EXERCISE REQUIREMENTS: Give again, exactly as written, each line of the material below starting at the line that contains "A^-1 * B^-1 * A * B]." and ending at the line that contains "if (val r == 0%N) then (val c == 0%N)%:R". Both ends count, and no other line does.

+ + + + + + +

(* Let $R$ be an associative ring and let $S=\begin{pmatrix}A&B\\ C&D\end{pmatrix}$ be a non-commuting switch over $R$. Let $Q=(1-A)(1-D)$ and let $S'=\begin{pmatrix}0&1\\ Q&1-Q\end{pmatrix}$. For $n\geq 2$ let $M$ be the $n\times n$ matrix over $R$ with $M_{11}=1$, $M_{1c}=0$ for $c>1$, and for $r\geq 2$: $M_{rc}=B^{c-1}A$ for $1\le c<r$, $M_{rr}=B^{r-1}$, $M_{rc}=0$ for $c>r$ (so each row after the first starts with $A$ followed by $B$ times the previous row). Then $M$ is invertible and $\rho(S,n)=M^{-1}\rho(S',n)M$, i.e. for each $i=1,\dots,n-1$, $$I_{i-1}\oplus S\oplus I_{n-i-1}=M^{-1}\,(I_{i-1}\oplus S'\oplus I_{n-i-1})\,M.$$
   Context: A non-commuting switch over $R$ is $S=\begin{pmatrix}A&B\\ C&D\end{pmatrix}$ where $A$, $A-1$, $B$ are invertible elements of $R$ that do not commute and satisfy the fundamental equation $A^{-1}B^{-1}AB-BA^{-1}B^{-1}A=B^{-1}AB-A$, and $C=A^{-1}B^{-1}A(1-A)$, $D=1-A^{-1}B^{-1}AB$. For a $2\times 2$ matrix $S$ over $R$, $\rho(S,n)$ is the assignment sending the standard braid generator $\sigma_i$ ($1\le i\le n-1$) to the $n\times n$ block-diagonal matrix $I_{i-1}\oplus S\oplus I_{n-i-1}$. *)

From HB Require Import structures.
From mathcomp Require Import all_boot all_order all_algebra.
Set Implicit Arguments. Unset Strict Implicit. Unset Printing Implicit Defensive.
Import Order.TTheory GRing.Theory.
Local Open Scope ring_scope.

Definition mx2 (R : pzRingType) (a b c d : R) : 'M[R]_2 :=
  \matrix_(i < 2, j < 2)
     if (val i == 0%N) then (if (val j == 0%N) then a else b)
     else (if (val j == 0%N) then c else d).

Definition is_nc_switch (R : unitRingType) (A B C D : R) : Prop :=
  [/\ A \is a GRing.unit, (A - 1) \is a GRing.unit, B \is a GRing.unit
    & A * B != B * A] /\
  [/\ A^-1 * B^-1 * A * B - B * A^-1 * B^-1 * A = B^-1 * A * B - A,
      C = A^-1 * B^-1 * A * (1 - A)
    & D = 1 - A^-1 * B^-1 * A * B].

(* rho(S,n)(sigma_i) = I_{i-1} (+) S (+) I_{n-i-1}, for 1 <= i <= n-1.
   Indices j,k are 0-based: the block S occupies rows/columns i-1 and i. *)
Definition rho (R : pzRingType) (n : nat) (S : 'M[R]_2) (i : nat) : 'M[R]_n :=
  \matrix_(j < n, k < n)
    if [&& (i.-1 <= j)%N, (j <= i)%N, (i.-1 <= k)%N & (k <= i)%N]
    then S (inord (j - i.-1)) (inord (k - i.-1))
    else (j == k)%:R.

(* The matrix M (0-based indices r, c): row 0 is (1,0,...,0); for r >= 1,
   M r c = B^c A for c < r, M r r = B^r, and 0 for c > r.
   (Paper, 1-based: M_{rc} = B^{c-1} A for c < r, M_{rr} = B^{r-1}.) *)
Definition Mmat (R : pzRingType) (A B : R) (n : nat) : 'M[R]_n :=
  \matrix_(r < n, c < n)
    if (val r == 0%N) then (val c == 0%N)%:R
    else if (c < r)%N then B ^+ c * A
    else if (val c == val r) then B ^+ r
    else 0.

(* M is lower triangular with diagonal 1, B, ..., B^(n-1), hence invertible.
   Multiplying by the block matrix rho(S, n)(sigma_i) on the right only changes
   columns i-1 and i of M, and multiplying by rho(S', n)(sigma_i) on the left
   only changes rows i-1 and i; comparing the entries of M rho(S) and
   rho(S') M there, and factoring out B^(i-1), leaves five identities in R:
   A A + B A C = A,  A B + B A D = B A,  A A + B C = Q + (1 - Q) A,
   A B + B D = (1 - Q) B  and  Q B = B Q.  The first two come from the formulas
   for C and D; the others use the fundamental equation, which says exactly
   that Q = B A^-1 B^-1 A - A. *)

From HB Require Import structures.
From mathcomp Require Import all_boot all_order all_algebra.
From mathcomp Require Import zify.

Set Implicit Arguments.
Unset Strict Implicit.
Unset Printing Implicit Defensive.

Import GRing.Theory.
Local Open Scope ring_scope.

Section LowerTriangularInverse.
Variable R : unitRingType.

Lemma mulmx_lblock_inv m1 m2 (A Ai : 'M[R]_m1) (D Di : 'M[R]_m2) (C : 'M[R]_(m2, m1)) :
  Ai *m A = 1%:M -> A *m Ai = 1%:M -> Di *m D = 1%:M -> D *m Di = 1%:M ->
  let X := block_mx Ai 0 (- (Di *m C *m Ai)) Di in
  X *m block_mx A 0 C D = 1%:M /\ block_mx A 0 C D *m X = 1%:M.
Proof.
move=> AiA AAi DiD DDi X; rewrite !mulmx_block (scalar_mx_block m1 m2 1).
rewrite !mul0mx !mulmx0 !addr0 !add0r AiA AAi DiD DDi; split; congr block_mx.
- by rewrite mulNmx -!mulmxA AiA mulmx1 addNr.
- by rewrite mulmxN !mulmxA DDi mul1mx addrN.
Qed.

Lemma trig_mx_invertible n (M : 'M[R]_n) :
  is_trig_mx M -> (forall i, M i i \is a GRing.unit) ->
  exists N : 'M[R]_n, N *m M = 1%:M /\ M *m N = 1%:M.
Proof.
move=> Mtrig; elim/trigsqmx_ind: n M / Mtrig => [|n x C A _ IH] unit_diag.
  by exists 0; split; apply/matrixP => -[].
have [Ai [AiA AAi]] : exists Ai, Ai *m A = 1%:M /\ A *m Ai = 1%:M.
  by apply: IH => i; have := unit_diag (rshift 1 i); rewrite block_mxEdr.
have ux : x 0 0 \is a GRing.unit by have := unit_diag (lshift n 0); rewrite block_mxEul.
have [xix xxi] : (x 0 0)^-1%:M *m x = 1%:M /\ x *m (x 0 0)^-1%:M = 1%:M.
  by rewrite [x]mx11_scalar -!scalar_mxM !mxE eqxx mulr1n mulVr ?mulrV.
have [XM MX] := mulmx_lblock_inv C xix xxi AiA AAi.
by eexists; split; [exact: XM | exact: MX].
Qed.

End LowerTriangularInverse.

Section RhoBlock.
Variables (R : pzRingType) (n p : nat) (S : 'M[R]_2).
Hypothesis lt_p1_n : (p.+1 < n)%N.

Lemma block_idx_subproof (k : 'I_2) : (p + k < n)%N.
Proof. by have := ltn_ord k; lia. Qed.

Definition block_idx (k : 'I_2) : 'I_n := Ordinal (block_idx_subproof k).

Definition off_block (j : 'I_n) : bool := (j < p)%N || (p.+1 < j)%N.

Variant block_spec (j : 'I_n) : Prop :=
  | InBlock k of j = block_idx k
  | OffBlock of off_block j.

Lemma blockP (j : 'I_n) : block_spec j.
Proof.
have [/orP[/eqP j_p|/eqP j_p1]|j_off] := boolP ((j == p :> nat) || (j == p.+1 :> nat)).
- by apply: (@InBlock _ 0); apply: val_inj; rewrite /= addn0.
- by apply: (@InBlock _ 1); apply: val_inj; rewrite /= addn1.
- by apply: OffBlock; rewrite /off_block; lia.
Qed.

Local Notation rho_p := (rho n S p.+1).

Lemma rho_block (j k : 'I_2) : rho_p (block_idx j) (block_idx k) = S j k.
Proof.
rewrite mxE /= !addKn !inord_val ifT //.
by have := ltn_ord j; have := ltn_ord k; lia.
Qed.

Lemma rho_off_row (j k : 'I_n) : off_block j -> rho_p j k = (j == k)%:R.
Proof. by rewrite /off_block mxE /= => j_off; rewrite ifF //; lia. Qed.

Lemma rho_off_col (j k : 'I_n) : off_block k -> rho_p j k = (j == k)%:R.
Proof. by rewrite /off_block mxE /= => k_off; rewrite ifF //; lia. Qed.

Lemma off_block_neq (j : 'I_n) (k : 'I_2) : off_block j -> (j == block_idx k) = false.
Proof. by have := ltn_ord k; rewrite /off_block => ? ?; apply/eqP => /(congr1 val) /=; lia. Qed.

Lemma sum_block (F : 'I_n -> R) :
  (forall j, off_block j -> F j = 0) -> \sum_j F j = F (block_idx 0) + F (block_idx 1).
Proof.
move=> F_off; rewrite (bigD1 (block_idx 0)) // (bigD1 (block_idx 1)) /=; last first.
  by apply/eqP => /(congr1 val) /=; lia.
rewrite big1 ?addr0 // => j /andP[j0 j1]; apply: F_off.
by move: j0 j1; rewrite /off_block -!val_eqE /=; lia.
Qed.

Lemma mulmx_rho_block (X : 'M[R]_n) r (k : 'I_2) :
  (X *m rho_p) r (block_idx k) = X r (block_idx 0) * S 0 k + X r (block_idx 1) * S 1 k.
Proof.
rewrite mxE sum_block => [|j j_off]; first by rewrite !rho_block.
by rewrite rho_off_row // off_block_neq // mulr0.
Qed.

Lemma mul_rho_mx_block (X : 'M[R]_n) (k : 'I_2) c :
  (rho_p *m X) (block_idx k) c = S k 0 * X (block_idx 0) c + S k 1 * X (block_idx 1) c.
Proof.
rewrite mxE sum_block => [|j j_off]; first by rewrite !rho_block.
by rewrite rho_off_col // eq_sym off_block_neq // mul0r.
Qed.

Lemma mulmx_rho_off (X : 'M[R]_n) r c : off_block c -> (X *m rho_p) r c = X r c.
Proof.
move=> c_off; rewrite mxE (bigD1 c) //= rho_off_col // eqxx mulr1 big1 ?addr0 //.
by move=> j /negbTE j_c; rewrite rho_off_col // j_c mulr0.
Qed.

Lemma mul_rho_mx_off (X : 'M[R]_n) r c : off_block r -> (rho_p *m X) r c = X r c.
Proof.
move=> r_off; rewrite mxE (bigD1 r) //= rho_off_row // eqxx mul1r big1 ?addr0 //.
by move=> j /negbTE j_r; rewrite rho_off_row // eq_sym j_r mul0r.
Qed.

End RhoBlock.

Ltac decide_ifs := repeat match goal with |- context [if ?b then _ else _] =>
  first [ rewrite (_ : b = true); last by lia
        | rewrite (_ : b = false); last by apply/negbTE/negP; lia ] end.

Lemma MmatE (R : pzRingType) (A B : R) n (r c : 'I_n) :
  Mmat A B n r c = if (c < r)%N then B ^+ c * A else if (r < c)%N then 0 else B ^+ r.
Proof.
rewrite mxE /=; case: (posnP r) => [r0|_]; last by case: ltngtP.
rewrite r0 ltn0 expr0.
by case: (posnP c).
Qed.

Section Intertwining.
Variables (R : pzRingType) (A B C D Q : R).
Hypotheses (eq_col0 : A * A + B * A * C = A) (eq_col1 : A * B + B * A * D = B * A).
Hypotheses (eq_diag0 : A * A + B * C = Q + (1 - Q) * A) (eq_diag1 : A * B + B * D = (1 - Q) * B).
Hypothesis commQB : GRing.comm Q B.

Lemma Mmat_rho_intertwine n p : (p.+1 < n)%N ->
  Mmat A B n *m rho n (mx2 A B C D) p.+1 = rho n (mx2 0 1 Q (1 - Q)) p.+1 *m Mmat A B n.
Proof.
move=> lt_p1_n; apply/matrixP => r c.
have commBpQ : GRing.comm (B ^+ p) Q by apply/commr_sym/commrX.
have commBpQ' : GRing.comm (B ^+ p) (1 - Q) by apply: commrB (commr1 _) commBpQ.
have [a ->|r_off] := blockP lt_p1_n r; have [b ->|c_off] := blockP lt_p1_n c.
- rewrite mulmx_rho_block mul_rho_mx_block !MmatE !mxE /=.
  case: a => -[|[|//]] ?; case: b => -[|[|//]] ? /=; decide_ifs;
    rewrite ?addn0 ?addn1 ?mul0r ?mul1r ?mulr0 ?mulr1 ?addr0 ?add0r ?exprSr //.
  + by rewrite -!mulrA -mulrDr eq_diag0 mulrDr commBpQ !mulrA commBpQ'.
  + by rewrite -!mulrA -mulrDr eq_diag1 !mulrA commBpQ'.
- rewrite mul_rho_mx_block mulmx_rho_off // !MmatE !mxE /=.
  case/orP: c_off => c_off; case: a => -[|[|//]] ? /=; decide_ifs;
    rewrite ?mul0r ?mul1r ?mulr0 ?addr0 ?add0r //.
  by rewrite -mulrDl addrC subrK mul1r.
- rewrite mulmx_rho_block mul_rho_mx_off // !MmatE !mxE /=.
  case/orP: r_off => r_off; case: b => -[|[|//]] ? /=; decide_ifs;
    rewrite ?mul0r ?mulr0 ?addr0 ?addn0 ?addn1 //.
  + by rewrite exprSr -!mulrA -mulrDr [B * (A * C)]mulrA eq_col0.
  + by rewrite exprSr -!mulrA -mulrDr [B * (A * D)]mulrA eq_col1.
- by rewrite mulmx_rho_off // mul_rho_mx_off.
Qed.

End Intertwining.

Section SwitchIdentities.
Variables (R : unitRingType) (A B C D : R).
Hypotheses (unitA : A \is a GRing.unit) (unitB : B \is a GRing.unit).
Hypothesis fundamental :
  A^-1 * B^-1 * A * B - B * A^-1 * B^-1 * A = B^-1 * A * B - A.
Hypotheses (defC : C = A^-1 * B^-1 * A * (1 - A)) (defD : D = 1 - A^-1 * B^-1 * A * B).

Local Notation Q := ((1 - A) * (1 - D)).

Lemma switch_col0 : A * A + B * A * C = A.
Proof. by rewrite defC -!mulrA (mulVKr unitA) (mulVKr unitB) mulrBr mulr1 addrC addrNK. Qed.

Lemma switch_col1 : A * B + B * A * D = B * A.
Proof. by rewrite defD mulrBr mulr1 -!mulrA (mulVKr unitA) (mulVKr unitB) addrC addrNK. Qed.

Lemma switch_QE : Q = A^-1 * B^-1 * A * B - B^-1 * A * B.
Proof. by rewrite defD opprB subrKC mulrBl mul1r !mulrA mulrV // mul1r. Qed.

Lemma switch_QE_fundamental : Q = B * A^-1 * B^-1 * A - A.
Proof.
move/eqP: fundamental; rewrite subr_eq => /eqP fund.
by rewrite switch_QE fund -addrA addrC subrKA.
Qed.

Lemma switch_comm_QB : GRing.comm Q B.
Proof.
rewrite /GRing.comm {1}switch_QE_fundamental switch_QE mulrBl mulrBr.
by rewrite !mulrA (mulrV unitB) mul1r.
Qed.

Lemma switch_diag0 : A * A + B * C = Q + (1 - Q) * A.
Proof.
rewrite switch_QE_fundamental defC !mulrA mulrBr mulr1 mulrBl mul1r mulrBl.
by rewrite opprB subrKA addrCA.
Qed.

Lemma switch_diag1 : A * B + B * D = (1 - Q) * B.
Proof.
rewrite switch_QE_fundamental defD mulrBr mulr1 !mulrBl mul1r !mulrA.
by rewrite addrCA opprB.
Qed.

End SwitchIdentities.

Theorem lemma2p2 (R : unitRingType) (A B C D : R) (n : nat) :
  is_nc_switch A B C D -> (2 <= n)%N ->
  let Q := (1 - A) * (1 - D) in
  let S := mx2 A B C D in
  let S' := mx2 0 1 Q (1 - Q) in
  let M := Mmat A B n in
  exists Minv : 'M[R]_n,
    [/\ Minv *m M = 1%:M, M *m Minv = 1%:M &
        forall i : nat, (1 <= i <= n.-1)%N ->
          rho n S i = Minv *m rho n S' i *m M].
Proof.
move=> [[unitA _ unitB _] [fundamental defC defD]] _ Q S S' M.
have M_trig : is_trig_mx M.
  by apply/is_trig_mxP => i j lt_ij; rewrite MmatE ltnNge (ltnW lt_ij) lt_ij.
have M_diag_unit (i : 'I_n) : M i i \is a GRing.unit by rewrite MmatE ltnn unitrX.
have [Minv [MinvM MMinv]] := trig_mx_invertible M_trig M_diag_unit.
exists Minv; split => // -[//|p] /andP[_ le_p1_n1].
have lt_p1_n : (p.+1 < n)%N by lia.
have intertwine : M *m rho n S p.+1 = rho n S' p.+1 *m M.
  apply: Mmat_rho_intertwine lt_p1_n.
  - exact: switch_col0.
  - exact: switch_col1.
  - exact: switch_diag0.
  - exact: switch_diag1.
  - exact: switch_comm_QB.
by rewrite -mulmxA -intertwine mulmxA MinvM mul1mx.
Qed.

+ + + + + + +

ANSWER BOX:
    & D = 1 - A^-1 * B^-1 * A * B].

(* rho(S,n)(sigma_i) = I_{i-1} (+) S (+) I_{n-i-1}, for 1 <= i <= n-1.
   Indices j,k are 0-based: the block S occupies rows/columns i-1 and i. *)
Definition rho (R : pzRingType) (n : nat) (S : 'M[R]_2) (i : nat) : 'M[R]_n :=
  \matrix_(j < n, k < n)
    if [&& (i.-1 <= j)%N, (j <= i)%N, (i.-1 <= k)%N & (k <= i)%N]
    then S (inord (j - i.-1)) (inord (k - i.-1))
    else (j == k)%:R.

(* The matrix M (0-based indices r, c): row 0 is (1,0,...,0); for r >= 1,
   M r c = B^c A for c < r, M r r = B^r, and 0 for c > r.
   (Paper, 1-based: M_{rc} = B^{c-1} A for c < r, M_{rr} = B^{r-1}.) *)
Definition Mmat (R : pzRingType) (A B : R) (n : nat) : 'M[R]_n :=
  \matrix_(r < n, c < n)
    if (val r == 0%N) then (val c == 0%N)%:R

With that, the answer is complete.